Developer offers up plan to keep rents down
The Post Independent, Carbondale Creative District and Carbondale’s Third Street Center will hold a public housing forum from 6:30-9 p.m. Feb. 3 at the Third Street Center.
Topics will include housing affordability versus attainability; alternative housing projects; what’s working elsewhere and what’s possible here; and potential next steps.

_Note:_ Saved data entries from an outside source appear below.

(* Variables are de Bruijn indices.  [Abs n e] binds n variables x1..xn
   (xn has index 0 in e); [Let e1 e2] binds one variable in e2. *)
Inductive tm : Type :=
| Var (k : nat)
| App (f : tm) (args : list tm)
| Abs (n : nat) (body : tm)
| RealC (r : R)
| IdxC (i : Z)
| BoolC (b : bool)
| Const (c : const)
| Let (e1 e2 : tm)
| If (c e1 e2 : tm)
| Arr (es : list tm)
| Bot
| Op1 (o : op1) (e : tm)
| Op2 (o : op2) (e1 e2 : tm).

Definition ctx := list ty.

Inductive const_ty : const -> ty -> Prop :=
| CT_Build M :
    const_ty CBuild (TFun (TG TIndex) [TFun (TG TIndex) [] M] (TArray M))
| CT_Ifold M :
    const_ty CIfold (TFun (TFun (TG M) [TG TIndex] M) [TG M; TG TIndex] M)
| CT_Get M : const_ty CGet (TFun (TG (TArray M)) [TG TIndex] M)
| CT_Length M : const_ty CLength (TFun (TG (TArray M)) [] TIndex)
| CT_Pair M1 M2 : const_ty CPair (TFun (TG M1) [TG M2] (TProd M1 M2))
| CT_Fst M1 M2 : const_ty CFst (TFun (TG (TProd M1 M2)) [] M1)
| CT_Snd M1 M2 : const_ty CSnd (TFun (TG (TProd M1 M2)) [] M2).

Inductive op1_ty : op1 -> gty -> gty -> Prop :=
| O1_NegD : op1_ty ONeg TDouble TDouble
| O1_NegI : op1_ty ONeg TIndex TIndex
| O1_Sin : op1_ty OSin TDouble TDouble
| O1_Cos : op1_ty OCos TDouble TDouble
| O1_Tan : op1_ty OTan TDouble TDouble
| O1_Log : op1_ty OLog TDouble TDouble
| O1_Exp : op1_ty OExp TDouble TDouble
| O1_Not : op1_ty ONot TBool TBool.

Definition is_num (A : gty) : Prop := A = TDouble \/ A = TIndex.

Inductive op2_ty : op2 -> gty -> gty -> gty -> Prop :=
| O2_Arith o N : In o [OAdd; OSub; OMul; ODiv; OPow] -> is_num N ->
    op2_ty o N N N
| O2_Cmp o N : In o [OGt; OLt; OEq; ONeq] -> is_num N ->
    op2_ty o N N TBool
| O2_Bool o : In o [OAnd; OOr] -> op2_ty o TBool TBool TBool.

Inductive has_type : ctx -> tm -> ty -> Prop :=
| T_Var G k T : nth_error G k = Some T -> has_type G (Var k) T
| T_App G e0 args T1 Ts M :
    has_type G e0 (TFun T1 Ts M) ->
    Forall2 (has_type G) args (T1 :: Ts) ->
    has_type G (App e0 args) (TG M)
| T_Abs G e T1 Ts M :
    has_type (rev (T1 :: Ts) ++ G) e (TG M) ->
    has_type G (Abs (S (length Ts)) e) (TFun T1 Ts M)
| T_Real G r : has_type G (RealC r) (TG TDouble)
| T_Idx G i : has_type G (IdxC i) (TG TIndex)
| T_Bool G b : has_type G (BoolC b) (TG TBool)
| T_Const G c T : const_ty c T -> has_type G (Const c) T
| T_Let G e1 e2 T1 T2 :
    has_type G e1 T1 -> has_type (T1 :: G) e2 T2 -> has_type G (Let e1 e2) T2
| T_If G e1 e2 e3 M :
    has_type G e1 (TG TBool) -> has_type G e2 (TG M) -> has_type G e3 (TG M) ->
    has_type G (If e1 e2 e3) (TG M)
| T_Arr G es M :
    Forall (fun e => has_type G e (TG M)) es -> has_type G (Arr es) (TG (TArray M))
| T_Bot G T : has_type G Bot T
| T_Op1 G o e A B : op1_ty o A B -> has_type G e (TG A) -> has_type G (Op1 o e) (TG B)
| T_Op2 G o e1 e2 A1 A2 B :
    op2_ty o A1 A2 B -> has_type G e1 (TG A1) -> has_type G e2 (TG A2) ->
    has_type G (Op2 o e1 e2) (TG B).

Definition upren (n : nat) (xi : nat -> nat) : nat -> nat :=
  fun k => if Nat.ltb k n then k else (n + xi (k - n))%nat.

Fixpoint ren (xi : nat -> nat) (t : tm) : tm :=
  match t with
  | Var k => Var (xi k)
  | App f args => App (ren xi f) (map (ren xi) args)
  | Abs n b => Abs n (ren (upren n xi) b)
  | RealC r => RealC r
  | IdxC i => IdxC i
  | BoolC b => BoolC b
  | Const c => Const c
  | Let e1 e2 => Let (ren xi e1) (ren (upren 1 xi) e2)
  | If c a b => If (ren xi c) (ren xi a) (ren xi b)
  | Arr es => Arr (map (ren xi) es)
  | Bot => Bot
  | Op1 o e => Op1 o (ren xi e)
  | Op2 o a b => Op2 o (ren xi a) (ren xi b)
  end.

Definition upsub (n : nat) (sigma : nat -> tm) : nat -> tm :=
  fun k => if Nat.ltb k n then Var k else ren (fun j => (n + j)%nat) (sigma (k - n)%nat).

Fixpoint subst (sigma : nat -> tm) (t : tm) : tm :=
  match t with
  | Var k => sigma k
  | App f args => App (subst sigma f) (map (subst sigma) args)
  | Abs n b => Abs n (subst (upsub n sigma) b)
  | RealC r => RealC r
  | IdxC i => IdxC i
  | BoolC b => BoolC b
  | Const c => Const c
  | Let e1 e2 => Let (subst sigma e1) (subst (upsub 1 sigma) e2)
  | If c a b => If (subst sigma c) (subst sigma a) (subst sigma b)
  | Arr es => Arr (map (subst sigma) es)
  | Bot => Bot
  | Op1 o e => Op1 o (subst sigma e)
  | Op2 o a b => Op2 o (subst sigma a) (subst sigma b)
  end.

(* e[v1/x1, ..., vn/xn] for the n binders of an abstraction *)
Definition beta_sub (vs : list tm) : nat -> tm :=
  fun k => if Nat.ltb k (length vs) then nth k (rev vs) Bot
           else Var (k - length vs)%nat.

Definition single_sub (v : tm) : nat -> tm :=
  fun k => match k with 0 => v | S j => Var j end.

Inductive value : tm -> Prop :=
| V_Real r : value (RealC r)
| V_Idx i : value (IdxC i)
| V_Bool b : value (BoolC b)
| V_Pair v0 v1 : value v0 -> value v1 -> value (App (Const CPair) [v0; v1])
| V_Abs n e : value (Abs n e)
| V_Arr vs : Forall value vs -> value (Arr vs)
| V_Const c : value (Const c).

(* scalar constants  (the underlined values of the operator rules) *)
Inductive lit : tm -> Prop :=
| L_Real r : lit (RealC r)
| L_Idx i : lit (IdxC i)
| L_Bool b : lit (BoolC b).

Definition Rbool (b : bool) : option tm := Some (BoolC b).

Definition eval_op1 (o : op1) (v : tm) : option tm :=
  match o, v with
  | ONeg, RealC r => Some (RealC (- r))
  | ONeg, IdxC i => Some (IdxC (- i)%Z)
  | OSin, RealC r => Some (RealC (sin r))
  | OCos, RealC r => Some (RealC (cos r))
  | OTan, RealC r => if Req_EM_T (cos r) 0 then None else Some (RealC (tan r))
  | OLog, RealC r => if Rlt_dec 0 r then Some (RealC (ln r)) else None
  | OExp, RealC r => Some (RealC (exp r))
  | ONot, BoolC b => Some (BoolC (negb b))
  | _, _ => None
  end.

Definition Reqb (x y : R) : bool := if Req_EM_T x y then true else false.
Definition Rltb (x y : R) : bool := if Rlt_dec x y then true else false.

Definition eval_op2 (o : op2) (v1 v2 : tm) : option tm :=
  match o, v1, v2 with
  | OAdd, RealC x, RealC y => Some (RealC (x + y))
  | OSub, RealC x, RealC y => Some (RealC (x - y))
  | OMul, RealC x, RealC y => Some (RealC (x * y))
  | ODiv, RealC x, RealC y => if Req_EM_T y 0 then None else Some (RealC (x / y))
  | OPow, RealC x, RealC y => if Rlt_dec 0 x then Some (RealC (Rpower x y)) else None
  | OGt, RealC x, RealC y => Some (BoolC (Rltb y x))
  | OLt, RealC x, RealC y => Some (BoolC (Rltb x y))
  | OEq, RealC x, RealC y => Some (BoolC (Reqb x y))
  | ONeq, RealC x, RealC y => Some (BoolC (negb (Reqb x y)))
  | OAdd, IdxC x, IdxC y => Some (IdxC (x + y)%Z)
  | OSub, IdxC x, IdxC y => Some (IdxC (x - y)%Z)
  | OMul, IdxC x, IdxC y => Some (IdxC (x * y)%Z)
  | ODiv, IdxC x, IdxC y => if Z.eqb y 0 then None else Some (IdxC (x / y)%Z)
  | OPow, IdxC x, IdxC y => if Z.ltb y 0 then None else Some (IdxC (x ^ y)%Z)
  | OGt, IdxC x, IdxC y => Some (BoolC (Z.ltb y x))
  | OLt, IdxC x, IdxC y => Some (BoolC (Z.ltb x y))
  | OEq, IdxC x, IdxC y => Some (BoolC (Z.eqb x y))
  | ONeq, IdxC x, IdxC y => Some (BoolC (negb (Z.eqb x y)))
  | OAnd, BoolC a, BoolC b => Some (BoolC (andb a b))
  | OOr, BoolC a, BoolC b => Some (BoolC (orb a b))
  | _, _, _ => None
  end.

Definition or_bot (r : option tm) : tm :=
  match r with Some w => w | None => Bot end.

Inductive step : tm -> tm -> Prop :=
| S_AppHead e e' es : step e e' -> step (App e es) (App e' es)
| S_AppArg v vs e e' es :
    value v -> Forall value vs -> step e e' ->
    step (App v (vs ++ e :: es)) (App v (vs ++ e' :: es))
| S_Op1 o e e' : step e e' -> step (Op1 o e) (Op1 o e')
| S_Op2L o e0 e0' e1 : step e0 e0' -> step (Op2 o e0 e1) (Op2 o e0' e1)
| S_Op2R o v e0 e0' : value v -> step e0 e0' -> step (Op2 o v e0) (Op2 o v e0')
| S_Let e0 e0' e1 : step e0 e0' -> step (Let e0 e1) (Let e0' e1)
| S_If e0 e0' e1 e2 : step e0 e0' -> step (If e0 e1 e2) (If e0' e1 e2)
| S_Arr vs e e' es :
    Forall value vs -> step e e' -> step (Arr (vs ++ e :: es)) (Arr (vs ++ e' :: es))
| S_Beta n e vs :
    Forall value vs -> length vs = n ->
    step (App (Abs n e) vs) (subst (beta_sub vs) e)
| S_LetV v e : value v -> step (Let v e) (subst (single_sub v) e)
| S_Fst v0 v1 : value v0 -> value v1 ->
    step (App (Const CFst) [App (Const CPair) [v0; v1]]) v0
| S_Snd v0 v1 : value v0 -> value v1 ->
    step (App (Const CSnd) [App (Const CPair) [v0; v1]]) v1
| S_IfT e0 e1 : step (If (BoolC true) e0 e1) e0
| S_IfF e0 e1 : step (If (BoolC false) e0 e1) e1
| S_Op1V o v : lit v -> step (Op1 o v) (or_bot (eval_op1 o v))
| S_Op2V o v0 v1 : lit v0 -> lit v1 -> step (Op2 o v0 v1) (or_bot (eval_op2 o v0 v1))
| S_Get vs i : Forall value vs -> (0 <= i < Z.of_nat (length vs))%Z ->
    step (App (Const CGet) [Arr vs; IdxC i]) (nth (Z.to_nat i) vs Bot)
| S_Length vs : Forall value vs ->
    step (App (Const CLength) [Arr vs]) (IdxC (Z.of_nat (length vs)))
| S_Build n e : (0 <= n)%Z ->
    step (App (Const CBuild) [IdxC n; Abs 1 e])
         (Arr (map (fun j => subst (single_sub (IdxC (Z.of_nat j))) e)
                   (seq 0 (Z.to_nat n))))
| S_Ifold0 v v0 : value v -> value v0 ->
    step (App (Const CIfold) [v; v0; IdxC 0]) v0
| S_IfoldS v v0 i : value v -> value v0 -> (0 <= i)%Z ->
    step (App (Const CIfold) [v; v0; IdxC (i + 1)])
         (App v [App (Const CIfold) [v; v0; IdxC i]; IdxC i])
| S_BotAppHead es : step (App Bot es) Bot
| S_BotAppArg v vs es :
    value v -> Forall value vs -> step (App v (vs ++ Bot :: es)) Bot
| S_BotOp1 o : step (Op1 o Bot) Bot
| S_BotOp2L o e1 : step (Op2 o Bot e1) Bot
| S_BotOp2R o v : value v -> step (Op2 o v Bot) Bot
| S_BotLet e1 : step (Let Bot e1) Bot
| S_BotIf e1 e2 : step (If Bot e1 e2) Bot
| S_BotArr vs es : Forall value vs -> step (Arr (vs ++ Bot :: es)) Bot
| S_BotAppHead' e es : step e Bot -> step (App e es) Bot
| S_BotAppArg' v vs e es :
    value v -> Forall value vs -> step e Bot -> step (App v (vs ++ e :: es)) Bot
| S_BotOp1' o e : step e Bot -> step (Op1 o e) Bot
| S_BotOp2L' o e0 e1 : step e0 Bot -> step (Op2 o e0 e1) Bot
| S_BotOp2R' o v e : value v -> step e Bot -> step (Op2 o v e) Bot
| S_BotLet' e0 e1 : step e0 Bot -> step (Let e0 e1) Bot
| S_BotIf' e0 e1 e2 : step e0 Bot -> step (If e0 e1 e2) Bot
| S_BotArr' vs e es : Forall value vs -> step e Bot -> step (Arr (vs ++ e :: es)) Bot.

From Stdlib Require Import Reals ZArith List Lia.
Import ListNotations.
Local Open Scope nat_scope.

(** Typing is preserved by well-typed substitutions, which is proved first for renamings
    since substituting under a binder shifts the substituted terms.  Subject reduction then
    follows by induction on the step: congruence rules by the induction hypothesis, the
    beta- and let-rules by the substitution lemma, the primitive rules by inverting the
    typing of the redex, and every [Bot] contractum is typable at any type. *)

(** The automatically generated [has_type_ind] gives no induction hypotheses for the
    premises nested under [Forall] and [Forall2]. *)
Section HasTypeInd.

Variable P : ctx -> tm -> ty -> Prop.

Hypothesis HVar : forall G k T, nth_error G k = Some T -> P G (Var k) T.
Hypothesis HApp : forall G e0 args T1 Ts M,
  P G e0 (TFun T1 Ts M) -> Forall2 (P G) args (T1 :: Ts) -> P G (App e0 args) (TG M).
Hypothesis HAbs : forall G e T1 Ts M,
  P (rev (T1 :: Ts) ++ G) e (TG M) -> P G (Abs (S (length Ts)) e) (TFun T1 Ts M).
Hypothesis HReal : forall G r, P G (RealC r) (TG TDouble).
Hypothesis HIdx : forall G i, P G (IdxC i) (TG TIndex).
Hypothesis HBool : forall G b, P G (BoolC b) (TG TBool).
Hypothesis HConst : forall G c T, const_ty c T -> P G (Const c) T.
Hypothesis HLet : forall G e1 e2 T1 T2,
  P G e1 T1 -> P (T1 :: G) e2 T2 -> P G (Let e1 e2) T2.
Hypothesis HIf : forall G e1 e2 e3 M,
  P G e1 (TG TBool) -> P G e2 (TG M) -> P G e3 (TG M) -> P G (If e1 e2 e3) (TG M).
Hypothesis HArr : forall G es M,
  Forall (fun e => P G e (TG M)) es -> P G (Arr es) (TG (TArray M)).
Hypothesis HBot : forall G T, P G Bot T.
Hypothesis HOp1 : forall G o e A B, op1_ty o A B -> P G e (TG A) -> P G (Op1 o e) (TG B).
Hypothesis HOp2 : forall G o e1 e2 A1 A2 B,
  op2_ty o A1 A2 B -> P G e1 (TG A1) -> P G e2 (TG A2) -> P G (Op2 o e1 e2) (TG B).

Fixpoint has_type_nested_ind G e T (H : has_type G e T) {struct H} : P G e T :=
  match H in has_type G e T return P G e T with
  | T_Var G k T h => HVar G k T h
  | T_App G e0 args T1 Ts M h0 hs =>
      HApp G e0 args T1 Ts M (has_type_nested_ind _ _ _ h0)
        ((fix all2 l L (h : Forall2 (has_type G) l L) : Forall2 (P G) l L :=
            match h in Forall2 _ l L return Forall2 (P G) l L with
            | Forall2_nil _ => Forall2_nil _
            | Forall2_cons _ _ hx hl =>
                Forall2_cons _ _ (has_type_nested_ind _ _ _ hx) (all2 _ _ hl)
            end) args (T1 :: Ts) hs)
  | T_Abs G e T1 Ts M h => HAbs G e T1 Ts M (has_type_nested_ind _ _ _ h)
  | T_Real G r => HReal G r
  | T_Idx G i => HIdx G i
  | T_Bool G b => HBool G b
  | T_Const G c T h => HConst G c T h
  | T_Let G e1 e2 T1 T2 h1 h2 =>
      HLet G e1 e2 T1 T2 (has_type_nested_ind _ _ _ h1) (has_type_nested_ind _ _ _ h2)
  | T_If G e1 e2 e3 M h1 h2 h3 =>
      HIf G e1 e2 e3 M (has_type_nested_ind _ _ _ h1) (has_type_nested_ind _ _ _ h2)
        (has_type_nested_ind _ _ _ h3)
  | T_Arr G es M hs =>
      HArr G es M
        ((fix all l (h : Forall (fun e => has_type G e (TG M)) l)
            : Forall (fun e => P G e (TG M)) l :=
            match h in Forall _ l return Forall (fun e => P G e (TG M)) l with
            | Forall_nil _ => Forall_nil _
            | Forall_cons _ hx hl => Forall_cons _ (has_type_nested_ind _ _ _ hx) (all _ hl)
            end) es hs)
  | T_Bot G T => HBot G T
  | T_Op1 G o e A B ho h => HOp1 G o e A B ho (has_type_nested_ind _ _ _ h)
  | T_Op2 G o e1 e2 A1 A2 B ho h1 h2 =>
      HOp2 G o e1 e2 A1 A2 B ho (has_type_nested_ind _ _ _ h1) (has_type_nested_ind _ _ _ h2)
  end.

End HasTypeInd.

Lemma Forall_replace_mid {A} (P : A -> Prop) l1 l2 x x' :
  Forall P (l1 ++ x :: l2) -> (P x -> P x') -> Forall P (l1 ++ x' :: l2).
Proof.
  rewrite !Forall_app, !Forall_cons_iff; intros (H1 & Hx & H2) Hxx'; auto.
Qed.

This meeting will focus on the Glenwood to El Jebel area; a similar event is planned for in Rifle in March.
How we got here.
Last of two parts.
Richard Myers wants to build nearly 90 new rental housing units in Glenwood Springs that, by their very design as smaller studio, one- and two-bedroom apartments, should help meet some of the worker housing demand in the lower Roaring Fork Valley.
But he says he needs the help of city government and the local school district to make the Lofts at Red Mountain project pencil out and keep rents down.
Myers, a former Aspen resident who is now managing partner for Dallas-based Realty Capital Management, proposes that his and other projects like it receive a 60 percent reduction in existing water, sewer, emergency services and school impact fees for the next five years as a way to spur development of more multifamily rental housing.
“High improvement fees have contributed to a stifling of the local housing economy and created a barrier to entry for builders attempting to construct multifamily rental housing in Glenwood Springs,” Myers wrote in a Dec. 11, 2015, letter to Mayor Mike Gamba and City Council members.
“The lack of locally available rental housing necessitates that much of the local workforce lives beyond city limits, which reduces community vitality, sales tax collections and increases traffic,” he wrote.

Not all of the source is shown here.